This was part of a joint B/W exhibition by five Curaçao photographers in Kas di Alma Blou, 1998. Now I have been shooting on Kodacolor negative whenever I could, also for B/W work, ever since Dakota. But as I wanted to give the People What They Wanted, I took old B/W negatives made in my twenties. It was amazing how many contained girls; the subject matter seems to have tickled my fancy. So there I was, all set.
|Rudy Curls Her Hair||Magoo||Kinda Blurrish|
People often talk about how fine B/W is, but they never seem to turn the color out of their tv-set. I feel my color work is much better, myself. I scanned those negs with a Tamron Foto-Vix and (no kidding!) a Snappy, and printed them out on a Canon bubble-jet printer. Then already, nobody noticed the difference with a "real" photograph. Well, there isn't - the computer print merely does not contain silver, just like any color photo. But at that time, you had these tiresome discussions going about whether digital imaging could ever replace chemical photography. I didn't know if it could, only that it would—and that digital imaging ended the whole B/W vs. color discussion: you can have it as you like it.

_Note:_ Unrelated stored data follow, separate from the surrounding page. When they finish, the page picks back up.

Lemma qr1 : qr q1 = 1.
Proof. by rewrite /qr /Q2R /= Rinv_1 Rmult_1_l. Qed.

Lemma qr_qz q : qz q -> qr q = 0.
Proof. by case: q => [[|p|p] d] //= _; rewrite /qr /Q2R /= Rmult_0_l. Qed.

Lemma qrD a b : qr (Qplus a b) = qr a + qr b.
Proof. exact: Q2R_plus. Qed.

Lemma qrM a b : qr (Qmult a b) = qr a * qr b.
Proof. exact: Q2R_mult. Qed.

Lemma qrN a : qr (Qopp a) = - qr a.
Proof. exact: Q2R_opp. Qed.

Lemma qr_red a : qr (Qred a) = qr a.
Proof. exact/Qeq_eqR/Qred_correct. Qed.

Lemma qr_qadd a b : qr (qadd a b) = qr a + qr b.
Proof.
rewrite /qadd; have [/qr_qz->|_] := boolP (qz a); first by rewrite add0r.
have [/qr_qz->|_] := boolP (qz b); first by rewrite addr0.
exact: qrD.
Qed.

Lemma qr_qmul a b : qr (qmul a b) = qr a * qr b.
Proof.
rewrite /qmul; have [/qr_qz->|_] := boolP (qz a); first by rewrite mul0r qr0.
have [/qr_qz->|_] := boolP (qz b); first by rewrite mulr0 qr0.
exact: qrM.
Qed.

Lemma qr_qaddr a b : qr (qaddr a b) = qr a + qr b.
Proof.
rewrite /qaddr; have [/qr_qz->|_] := boolP (qz a); first by rewrite add0r.
have [/qr_qz->|_] := boolP (qz b); first by rewrite addr0.
by rewrite qr_red qrD.
Qed.

Lemma qr_qmulr a b : qr (qmulr a b) = qr a * qr b.
Proof.
rewrite /qmulr; have [/qr_qz->|_] := boolP (qz a); first by rewrite mul0r qr0.
have [/qr_qz->|_] := boolP (qz b); first by rewrite mulr0 qr0.
by rewrite qr_red qrM.
Qed.

Lemma qr_Qeq_bool a b : Qeq_bool a b -> qr a = qr b.
Proof. by move/Qeq_bool_eq; apply: Qeq_eqR. Qed.

Lemma qr_neq a b : Qeq_bool a b = false -> qr a <> qr b.
Proof. by move=> h /eqR_Qeq/Qeq_bool_iff; rewrite h. Qed.

Lemma qr_ge0 a : Qle_bool q0 a -> 0 <= qr a.
Proof. by move/Qle_bool_iff/Qle_Rle; rewrite -qr0 => /RleP. Qed.

Lemma qr_gt0 a : ~~ Qle_bool a q0 -> 0 < qr a.
Proof.
move/negP => h; rewrite -qr0; apply/RltP/Qlt_Rlt/Qnot_le_lt => /Qle_bool_iff.
by move/h.
Qed.

Definition qnat (n : nat) : Q := Qmake (Z.of_nat n) 1.

Lemma qr_nat n : qr (qnat n) = n%:R.
Proof. by rewrite /qr /qnat /Q2R /= Rinv_1 Rmult_1_r -INR_IZR_INZ INRE. Qed.

Fixpoint qsum (f : nat -> Q) (n : nat) : Q :=
  if n is n'.+1 then qadd (qsum f n') (f n') else q0.
Fixpoint qsumr (f : nat -> Q) (n : nat) : Q :=
  if n is n'.+1 then qaddr (qsumr f n') (f n') else q0.
Fixpoint qprod (f : nat -> Q) (n : nat) : Q :=
  if n is n'.+1 then qmulr (qprod f n') (f n') else q1.
Fixpoint qpow (q : Q) (n : nat) : Q :=
  if n is n'.+1 then qmulr q (qpow q n') else q1.

Lemma qr_sum f n : qr (qsum f n) = \sum_(i < n) qr (f i).
Proof. by elim: n => [|n IH]; rewrite ?big_ord0 ?qr0 // big_ord_recr /= qr_qadd IH. Qed.

Lemma qr_sumr f n : qr (qsumr f n) = \sum_(i < n) qr (f i).
Proof. by elim: n => [|n IH]; rewrite ?big_ord0 ?qr0 // big_ord_recr /= qr_qaddr IH. Qed.

Lemma qr_prod f n : qr (qprod f n) = \prod_(i < n) qr (f i).
Proof. by elim: n => [|n IH]; rewrite ?big_ord0 ?qr1 // big_ord_recr /= qr_qmulr IH. Qed.

Lemma qr_pow q n : qr (qpow q n) = qr q ^+ n.
Proof. by elim: n => [|n IH]; rewrite ?expr0 ?qr1 // exprS /= qr_qmulr IH. Qed.

Definition allq (f : nat -> bool) (n : nat) : bool := all f (iota 0 n).

Lemma allq_ord {f n} : allq f n -> forall i : 'I_n, f i.
Proof. by move=> /allP h i; apply: h; rewrite mem_iota add0n ltn_ord. Qed.

Definition qmat := seq (seq Q).
Definition mget (M : qmat) (i j : nat) : Q := nth q0 (nth [::] M i) j.
Definition mat_of (f : nat -> nat -> Q) (m n : nat) : qmat :=
  mkseq (fun i => mkseq (f i) n) m.

(* Rows and columns beyond the stated size are ignored. *)
Definition qlift (m n : nat) (M : qmat) : 'M[Real]_(m, n) :=
  \matrix_(i, j) qr (mget M i j).

Definition qrow (n : nat) (v : seq Q) : 'rV[Real]_n := qlift 1 n [:: v].

Lemma qrowE n v (a : 'I_1) (j : 'I_n) : qrow n v a j = qr (nth q0 v j).
Proof. by rewrite mxE (ord1 a). Qed.

Lemma lift_mat_of f m n : qlift m n (mat_of f m n) = \matrix_(i, j) qr (f i j).
Proof. by apply/matrixP => i j; rewrite !mxE /mget !nth_mkseq. Qed.

Definition qzeros (m n : nat) : qmat := mat_of (fun _ _ => q0) m n.
Definition qtr (m n : nat) (A : qmat) : qmat := mat_of (fun i j => mget A j i) n m.
Definition qmadd (m n : nat) (A B : qmat) : qmat :=
  mat_of (fun i j => qadd (mget A i j) (mget B i j)) m n.
Definition qmsub (m n : nat) (A B : qmat) : qmat :=
  mat_of (fun i j => qadd (mget A i j) (Qopp (mget B i j))) m n.
Definition qmsubr (m n : nat) (A B : qmat) : qmat :=
  mat_of (fun i j => qaddr (mget A i j) (Qopp (mget B i j))) m n.
Definition qmscale (m n : nat) (c : Q) (A : qmat) : qmat :=
  mat_of (fun i j => qmul c (mget A i j)) m n.
Definition qmm (m p n : nat) (A B : qmat) : qmat :=
  mat_of (fun i j => qsum (fun k => qmul (mget A i k) (mget B k j)) p) m n.
Definition qmmr (m p n : nat) (A B : qmat) : qmat :=
  mat_of (fun i j => qsumr (fun k => qmulr (mget A i k) (mget B k j)) p) m n.
Definition qdiag (n : nat) (v : seq Q) : qmat :=
  mat_of (fun i j => if i == j then nth q0 v i else q0) n n.
Definition qrowscale (m n : nat) (c : seq Q) (U : qmat) : qmat :=
  mat_of (fun p l => qmul (nth q0 c p) (mget U p l)) m n.
Definition qmeqb (m n : nat) (A B : qmat) : bool :=
  allq (fun i => allq (fun j => Qeq_bool (mget A i j) (mget B i j)) n) m.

What really amuses me is when photographers proudly state they have not done any digital manipulation. Big deal!One of the esteemed members of the press remarked that, if (giving you the gist) I did not completely endorse the idea of B/W photography being the most fabulous thing you could do, I had no business in participating in this exposition. Now, can she really have been serious? This is of a pedantry only critics (or school teachers) can afford themselves. And even then: if Michelangelo deep down liked sculpting better than painting, he shouldn't have done that Sixtine chapel ceiling?